Affluenza, Preference Ratcheting, and Social Spoiling
This article is about a single concept which can be described concisely or named a few ways. I think about this in common parlance as getting spoiled. It's a negative subsidiary of the income effect where the preference change can be viewed in some sense as inefficient.
To illustrate: I recently got an email for 7 free drinks from 7-11. Their coffee is arguably poor in flavor but technically effective. My family, however, has gotten into an expensive Starbucks habit. We agree that Starbucks is of generally better flavor, but no more effective in terms of generating focus, wakefulness, and so on.
Functionally, then, we should prefer the free drinks. One caveat here is transaction costs. It is a small, although non-zero, cost to visit 7-11. We have yet to break economic theory that a free good is always bought. I do point out, though, that 7-11 is significantly closer than Starbucks. 7-11 is arguably in walking distance.
Clearly, there is a simple preference for Starbucks, but this preference didn't always exist. There was a time when we had never tasted Starbucks. One interesting idea is that the latent or contingent preference always existed. Otherwise, economics has little to say here. Preferences change. Move on.
Instead of taking this preference change as neutral, suppose we take it as bad. Effectively, an individual's living costs have gone up. While their short-term life satisfaction on occasion obtains a jolt, their long-term satisfaction is likely no different, or perhaps lower on average if this person is genuinely becoming spoiled.
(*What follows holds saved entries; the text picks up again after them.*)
Definition gamp (n l : nat) (k1 k2 : int) : int := ((cc n k2 - cc n k1) %% (n * l)%N%:Z)%Z.
Definition delp (n l : nat) (k1 k2 : int) : int :=
  ((n%:Z * (dd n l k2 - dd n l k1)) %% (n * l)%N%:Z)%Z.
Definition rule (n l : nat) (k1 k2 : int) : nat :=
  if gamp n l k1 k2 == 0 then (if delp n l k1 k2 == 0 then 1%N else 3%N)
  else (if delp n l k1 k2 == 0 then 2%N else 4%N).
(* the "shifts" g + nl i occurring in the sums of the applicable rule *)
Definition rule_gens (n l : nat) (k1 k2 : int) : seq int :=
  let g := gamp n l k1 k2 in let d := delp n l k1 k2 in
  match rule n l k1 k2 with
  | 1%N => [::] | 2%N => [:: g] | 3%N => [:: d] | _ => [:: g; d; g + d] end.
Definition shift_ok (n l : nat) (k1 k2 e : int) : Prop :=
  e = 0 \/
  (rule n l k1 k2 <> 1%N /\
   ((exists2 i : nat, (1 <= i)%N & e = (n * l)%N%:Z * i%:Z) \/
    (exists2 g, g \in rule_gens n l k1 k2 & exists i : nat, e = g + (n * l)%N%:Z * i%:Z))).
(* v_a /\ v_b (ordered, a > b) has nonzero coefficient in straightening v_k1 /\ v_k2 *)
Definition term (n l : nat) (k1 k2 a b : int) : Prop :=
  b < a /\ exists e, [/\ shift_ok n l k1 k2 e, a = k2 - e & b = k1 + e].

(* v_kk -> v_ll ; lab = None for a bullet step, Some t for a step of type t *)
Definition step (n l : nat) (kk ll : seq int) (lab : option nat) : Prop :=
  size ll = size kk /\
  exists i : nat, (i.+1 < size kk)%N /\ [/\
    nth 0 kk i <= nth 0 kk i.+1,
    (forall j, (j < i)%N -> nth 0 kk j.+1 < nth 0 kk j),
    (forall j, j != i -> j != i.+1 -> nth 0 ll j = nth 0 kk j),
    term n l (nth 0 kk i) (nth 0 kk i.+1) (nth 0 ll i) (nth 0 ll i.+1) &
    lab = (if (nth 0 ll i == nth 0 kk i.+1) && (nth 0 ll i.+1 == nth 0 kk i) then None
           else Some (rule n l (nth 0 kk i) (nth 0 kk i.+1)))].

Definition good (n l : nat) (s : int) (lam mu : seq nat) (r : nat)
    (ks : seq (seq int)) (labs : seq (option nat)) : Prop :=
  [/\ size ks = (size labs).+1,
      nth [::] ks 0 = rev (beta s mu r),
      nth [::] ks (size labs) = beta s lam r,
      (forall j, (j < size labs)%N -> step n l (nth [::] ks j) (nth [::] ks j.+1) (nth None labs j)) &
      count isSome labs = 1%N].

From mathcomp Require Import all_boot all_algebra zify.
Import GRing.Theory Num.Theory.
Local Open Scope ring_scope.
Set Implicit Arguments. Unset Strict Implicit.

(* Bullet steps swap the two entries at the first ascent: they are deterministic,
   preserve the multiset of entries and never undo an inversion. Along a good
   sequence the entries thus form a permutation of beta(mu) before the labelled step
   and of beta(lam) after it; as beta(lam) and beta(mu) share r - 2 entries, the
   labelled step replaces the two entries u < v of beta(mu) \ beta(lam), standing at
   the first ascent, by the two entries of beta(lam) \ beta(mu). Its position is
   forced, since performing it later would require undoing the inversion of u and v
   created by a bullet step, and all other steps are deterministic: hence uniqueness.
   The labelled step replaces (u, v) by (v - eps, u + eps) with eps <> 0 a shift of a
   rule other than (R1), so eps is congruent mod nl to 0, g', d' or g' + d', where (g', d') is
   congruent to +(gam, del) or -(gam, del) according as (u, v) = (bx, by) or (by, bx).
   With by - bx = gam + del mod nl and v - eps in {bx + h, by - h}, h is congruent
   to eps or to gam + del -+ eps, and {0, gam, del, gam + del} is stable under
   eta |-> gam + del - eta mod nl. *)

Section SetPair.
Variables (T : eqType) (x0 : T).

Definition set_pair (s : seq T) (i : nat) (a b : T) : seq T :=
  take i s ++ a :: b :: drop i.+2 s.

Lemma size_set_pair s i a b : (i.+1 < size s)%N -> size (set_pair s i a b) = size s.
Proof. by move=> lt_i; rewrite size_cat /= size_takel ?size_drop; lia. Qed.

Lemma nth_set_pair s i a b j : (i.+1 < size s)%N ->
  nth x0 (set_pair s i a b) j = if j == i then a else if j == i.+1 then b else nth x0 s j.
Proof.
move=> lt_i; rewrite nth_cat size_takel; last lia.
case: (ltngtP j i) => [lt_ji|lt_ij|->]; last by rewrite subnn.
  by rewrite nth_take // ifN_eq //; lia.
have [k ->] : exists k, j = (i + k.+1)%N by exists (j - i).-1; lia.
rewrite addKn; case: k => [|k] /=; first by rewrite addn1 eqxx.
by rewrite nth_drop ifN_eq; [congr nth | ]; lia.
Qed.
The social impact here isn't clear to me, because if everyone adopted some preference one would expect the price of the preferred good to fall. This seems to be a relatively contained microeconomic concern.
Three hypotheses:
- The negative side of the income effect is inseparable from the total income effect. The only way out of being snobby or spoiled is to be humbled through poverty or tragedy.
- It is possible to create a pseudo-income effect by locking away money in an untouchable vehicle for some time. Possible problem: Trust fund kids.
- Locking away wealth could be more effective than locking away dollars. The former seems equivalent to point 3.2 on participation with the poor.
- Being snobby or spoiled can be viewed as lacking a trainable skill.
- Fasting is one example. A truly spoiled mind considers basic food a bad, unpleasant to eat or even smell, but fasting makes an individual appreciate even basic food and water after some time. Bonus, fasting cuts life expenses to benefit a skill, in contrast to the typical training expenditure story. I'm thinking about water fasting here, but deprivation of luxury for a time, in general, may be beneficial.
- Participation with the poor may develop an appreciation for some of the goods they consume. Volunteering or intentional social engagement may help by exposure or cultivation of empathy. One approach is to serve the poor, but another is to act as a poor person does. Working a menial job, for example, may cultivate humility and empathy.
- Economic, financial, or opportunity cost mindfulness, and education may also deflate appreciation for luxury goods.
I'm specifically interested in the effect of fasting or volunteering on HEXACO personality, which in part measures humility.